* [WHAT YOU SHOULD DO]
Only the lines from the line containing "by split=> //; exists (rev_just (size a))." to the end of the entries, both included, belong in your answer, and each must match exactly.

──────── AVAILABLE RECORDS

(* Let $A$ be a finite non-empty alphabet. For all non-empty words $\mathbf a,\mathbf b\in A^+$ of equal length, $\mathbf a:\mathbf a^r::\mathbf b:\mathbf b^r$ holds in $(A^+,\cdot,A^+)$. Consequently $\mathbf a:\mathbf a^r::\mathbf a^r:\mathbf a$ for every $\mathbf a\in A^+$.
   Context: $A^+$ is the set of non-empty finite words over $A$; $\mathbf a^r:=a_n\ldots a_1$ is the reverse of $\mathbf a=a_1\ldots a_n$. $(A^+,\cdot,A^+)$ is the algebra with universe $A^+$, concatenation, and every non-empty word as a constant. Terms are built from a denumerable variable set, concatenation and these constants; $X(s)$ is the set of variables of $s$. A justification is a pair $s\to t$ with $X(t)\subseteq X(s)$. $\uparrow(\mathbf a\to\mathbf b)$ is the set of justifications $s\to t$ with $\mathbf a=s(\mathbf o)$, $\mathbf b=t(\mathbf o)$ for some tuple $\mathbf o$ of elements of $A^+$; $\uparrow(\mathbf a\to\mathbf b:\!\cdot\,\mathbf c\to\mathbf d):=\uparrow(\mathbf a\to\mathbf b)\cap\uparrow(\mathbf c\to\mathbf d)$. A justification is trivial if it lies in all sets $\uparrow(\mathbf a'\to\mathbf b':\!\cdot\,\mathbf c'\to\mathbf d')$. $\mathbf a\to\mathbf b:\!\cdot\,\mathbf c\to\mathbf d$ holds iff either (i) all justifications in $\uparrow(\mathbf a\to\mathbf b)\cup\uparrow(\mathbf c\to\mathbf d)$ are trivial, or (ii) $J_{\mathbf d}:=\uparrow(\mathbf a\to\mathbf b:\!\cdot\,\mathbf c\to\mathbf d)$ contains a non-trivial justification and for every $\mathbf d'$, $J_{\mathbf d}\subseteq J_{\mathbf d'}$ implies $J_{\mathbf d'}$ contains a non-trivial justification and $J_{\mathbf d'}\subseteq J_{\mathbf d}$ (ignoring trivial justifications). $\mathbf a:\mathbf b::\mathbf c:\mathbf d$ iff $\mathbf a\to\mathbf b:\!\cdot\,\mathbf c\to\mathbf d$, $\mathbf b\to\mathbf a:\!\cdot\,\mathbf d\to\mathbf c$, $\mathbf c\to\mathbf d:\!\cdot\,\mathbf a\to\mathbf b$, $\mathbf d\to\mathbf c:\!\cdot\,\mathbf b\to\mathbf a$ all hold. *)

From mathcomp Require Import all_boot.
Set Implicit Arguments.
Unset Strict Implicit.
Unset Printing Implicit Defensive.

Section Analogy.
Variable A : finType.

(* Elements of A^+ are represented as words w : seq A with w != [::]. *)
Definition neword := {w : seq A | w != [::]}.

Inductive term : Type :=
| TVar of nat
| TCst of neword
| TCat of term & term.

Fixpoint vars (s : term) : seq nat :=
  match s with
  | TVar n => [:: n]
  | TCst _ => [::]
  | TCat s1 s2 => vars s1 ++ vars s2
  end.

Fixpoint eval (o : nat -> seq A) (s : term) : seq A :=
  match s with
  | TVar n => o n
  | TCst w => sval w
  | TCat s1 s2 => eval o s1 ++ eval o s2
  end.

Definition justification (j : term * term) : Prop :=
  {subset vars j.2 <= vars j.1}.

Definition up (a b : seq A) (j : term * term) : Prop :=
  justification j /\
  exists o : nat -> seq A, (forall n, o n != [::]) /\
    eval o j.1 = a /\ eval o j.2 = b.

Definition up2 (a b c d : seq A) (j : term * term) : Prop :=
  up a b j /\ up c d j.

Definition trivial_just (j : term * term) : Prop :=
  forall a' b' c' d' : seq A, a' != [::] -> b' != [::] -> c' != [::] ->
    d' != [::] -> up2 a' b' c' d' j.

Definition nt_subset (J J' : term * term -> Prop) : Prop :=
  forall j, J j -> ~ trivial_just j -> J' j.

Definition has_nontrivial (J : term * term -> Prop) : Prop :=
  exists j, J j /\ ~ trivial_just j.

Definition arrow_prop (a b c d : seq A) : Prop :=
  (forall j, up a b j \/ up c d j -> trivial_just j)
  \/
  (has_nontrivial (up2 a b c d) /\
   forall d' : seq A, d' != [::] ->
     nt_subset (up2 a b c d) (up2 a b c d') ->
     has_nontrivial (up2 a b c d') /\ nt_subset (up2 a b c d') (up2 a b c d)).

Definition analogy (a b c d : seq A) : Prop :=
  arrow_prop a b c d /\ arrow_prop b a d c /\
  arrow_prop c d a b /\ arrow_prop d c b a.

End Analogy.

(** Every justification is non-trivial: a trivial one would lie in
    [up([c] -> [c]) ∩ up([c] -> [c c])], but a one-letter left-hand side pins
    every variable of [s], hence the value of [t].  The justification
    [x_0 ... x_n -> x_n ... x_0] lies in [up(a -> a^r)] for every word [a] of
    length [n + 1], and when [x_0 ... x_n] evaluates to a word of that length
    every [x_i] is a single letter, so [up(b -> d')] forces [d' = b^r].  Hence
    [J_d'] can contain [J_(b^r)] only for [d' = b^r], and clause (ii) holds. *)

From mathcomp Require Import all_boot.
From mathcomp Require Import zify.

Lemma rev_neq0 {T : eqType} {w : seq T} : w != [::] -> rev w != [::].
Proof. by rewrite -!nilpE rev_nilp. Qed.

Section ReversalAnalogy.
Variable A : finType.

Implicit Types (o : nat -> seq A) (s t : term A) (a b w : seq A).

Lemma eval_neq0 o s : (forall n, o n != [::]) -> eval o s != [::].
Proof.
move=> ho; elim: s => [n|w|s1 IH1 s2 _] //=; first exact: valP w.
by case: (eval o s1) IH1.
Qed.

Lemma eq_in_eval o o' t : {in vars t, o =1 o'} -> eval o t = eval o' t.
Proof.
elim: t => [n|w|s1 IH1 s2 IH2] //= eq_o; first by apply: eq_o; rewrite inE.
by rewrite IH1 ?IH2 // => n n_s; apply: eq_o; rewrite mem_cat n_s ?orbT.
Qed.

Lemma eval_size1 {o s} : (forall n, o n != [::]) -> size (eval o s) = 1 ->
  {in vars s, forall n, o n = eval o s}.
Proof.
move=> ho; case: s => [m|w|s1 s2] //= size1 n; first by rewrite inE => /eqP ->.
have := eval_neq0 o s1 ho; have := eval_neq0 o s2 ho.
by move: size1; case: (eval o s1) => [|? [|? ?]]; case: (eval o s2).
Qed.

Lemma not_trivial_just (c : A) (j : term A * term A) : ~ trivial_just j.
Proof.
move=> triv_j.
have [[j_just [o [ho [o_s o_t]]]] [_ [o' [ho' [o'_s o'_t]]]]] :=
  triv_j [:: c] [:: c] [:: c] [:: c; c] isT isT isT isT.
suff : eval o j.2 = eval o' j.2 by rewrite o_t o'_t.
apply: eq_in_eval => n /j_just n_s.
by rewrite (eval_size1 ho _ _ n_s) ?(eval_size1 ho' _ _ n_s) ?o_s ?o'_s.
Qed.

Fixpoint tword (x : nat) (l : seq nat) : term A :=
  if l is y :: l' then TCat (TVar A x) (tword y l') else TVar A x.

Lemma vars_tword x l : vars (tword x l) = x :: l.
Proof. by elim: l x => [|y l IH] x //=; rewrite IH. Qed.

Lemma eval_tword o x l : eval o (tword x l) = flatten (map o (x :: l)).
Proof. by elim: l x => [|y l IH] x /=; rewrite ?cats0 ?IH. Qed.

Lemma size_flatten_map_ge o l : (forall n, o n != [::]) ->
  size l <= size (flatten (map o l)).
Proof.
move=> ho; elim: l => [|x l IH] //=; rewrite size_cat.
by case: (o x) (ho x) => [|? ?] //= _; lia.
Qed.

(* The size hypothesis forces every [o x] to be a single letter. *)
Lemma flatten_map_rev o l : (forall n, o n != [::]) ->
  size (flatten (map o l)) = size l ->
  flatten (map o (rev l)) = rev (flatten (map o l)).
Proof.
move=> ho; elim: l => [|x l IH] //=.
rewrite size_cat rev_cons map_rcons flatten_rcons rev_cat.
have := size_flatten_map_ge o l ho.
case: (o x) (ho x) => [|y [|z u]] //= _ size_l size_xl; last by lia.
by rewrite IH //; lia.
Qed.

Definition rev_just (n : nat) : term A * term A :=
  (tword 0 (iota 1 n), tword n (rev (iota 0 n))).

Lemma rev_iota0S n : rev (iota 0 n.+1) = n :: rev (iota 0 n).
Proof. by rewrite -addn1 iotaD rev_cat. Qed.

Lemma eval_rev_just o n :
  eval o (rev_just n).1 = flatten (map o (iota 0 n.+1)) /\
  eval o (rev_just n).2 = flatten (map o (rev (iota 0 n.+1))).
Proof. by rewrite !eval_tword rev_iota0S. Qed.

Lemma justification_rev_just n : justification (rev_just n).
Proof. by move=> x; rewrite /= !vars_tword -rev_iota0S mem_rev. Qed.

Lemma up_rev_just (x : A) w : up (x :: w) (rev (x :: w)) (rev_just (size w)).
Proof.
split; first exact: justification_rev_just.
exists (fun i => [:: nth x (x :: w) i]); split=> //.
have [-> ->] := eval_rev_just (fun i => [:: nth x (x :: w) i]) (size w).
have letters l : flatten (map (fun i => [:: nth x (x :: w) i]) l) =
    map (nth x (x :: w)) l by elim: l => [|i l /= ->].
by rewrite !letters map_rev -/(mkseq _ (size (x :: w))) mkseq_nth.
Qed.

Lemma up_rev_just_rev {n b d} :
  up b d (rev_just n) -> size b = n.+1 -> d = rev b.
Proof.
move=> [_ [o [ho []]]]; have [-> ->] := eval_rev_just o n.
move=> eval_b <- size_b.
by rewrite -eval_b flatten_map_rev // eval_b size_b size_iota.
Qed.

Lemma arrow_prop_rev a b : a != [::] -> b != [::] -> size a = size b ->
  arrow_prop a (rev a) b (rev b).
Proof.
case: a => [|x a] // _; case: b => [|y b] // _ [size_ab]; right.
have J_rev : up2 (x :: a) (rev (x :: a)) (y :: b) (rev (y :: b)) (rev_just (size a)).
  by split; [|rewrite size_ab]; apply: up_rev_just.
have nontriv := not_trivial_just x (rev_just (size a)).
split=> [|d' _ sub_J]; first by exists (rev_just (size a)).
have [_ up_d'] := sub_J _ J_rev nontriv.
rewrite (up_rev_just_rev up_d') /= ?size_ab //.
by split=> //; exists (rev_just (size a)).
Qed.

Lemma arrow_prop_rev_rev a b : a != [::] -> b != [::] -> size a = size b ->
  arrow_prop (rev a) a (rev b) b.
Proof.
move=> a0 b0 size_ab; rewrite -{2}(revK a) -{2}(revK b).
by apply: arrow_prop_rev; rewrite ?rev_neq0 ?size_rev.
Qed.

Lemma analogy_rev a b : a != [::] -> b != [::] -> size a = size b ->
  analogy a (rev a) b (rev b).
Proof.
move=> a0 b0 size_ab; have size_ba := esym size_ab.
split; first exact: arrow_prop_rev.
split; first exact: arrow_prop_rev_rev.
by split; [apply: arrow_prop_rev | apply: arrow_prop_rev_rev].
Qed.

End ReversalAnalogy.

Theorem mainTheorem15 (A : finType) (hA : 0 < #|A|) :
  (forall a b : seq A, a != [::] -> b != [::] -> size a = size b ->
     analogy a (rev a) b (rev b)) /\
  (forall a : seq A, a != [::] -> analogy a (rev a) (rev a) a).
Proof.
(* [hA] is redundant: any non-empty word provides a letter. *)
split=> [|a a0]; first exact: analogy_rev.
have := @analogy_rev A a (rev a) a0 (rev_neq0 a0) (esym (size_rev a)).
by rewrite revK.
Qed.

────────────────

* [FINISHED EXERCISE]
by split=> //; exists (rev_just (size a)).
Qed.

Lemma arrow_prop_rev_rev a b : a != [::] -> b != [::] -> size a = size b ->
  arrow_prop (rev a) a (rev b) b.
Proof.
move=> a0 b0 size_ab; rewrite -{2}(revK a) -{2}(revK b).
by apply: arrow_prop_rev; rewrite ?rev_neq0 ?size_rev.
Qed.

Lemma analogy_rev a b : a != [::] -> b != [::] -> size a = size b ->
  analogy a (rev a) b (rev b).
Proof.
move=> a0 b0 size_ab; have size_ba := esym size_ab.
split; first exact: arrow_prop_rev.
split; first exact: arrow_prop_rev_rev.
by split; [apply: arrow_prop_rev | apply: arrow_prop_rev_rev].
Qed.

End ReversalAnalogy.

Theorem mainTheorem15 (A : finType) (hA : 0 < #|A|) :
  (forall a b : seq A, a != [::] -> b != [::] -> size a = size b ->
     analogy a (rev a) b (rev b)) /\
  (forall a : seq A, a != [::] -> analogy a (rev a) (rev a) a).
Proof.
(* [hA] is redundant: any non-empty word provides a letter. *)
split=> [|a a0]; first exact: analogy_rev.
have := @analogy_rev A a (rev a) a0 (rev_neq0 a0) (esym (size_rev a)).
by rewrite revK.
Qed.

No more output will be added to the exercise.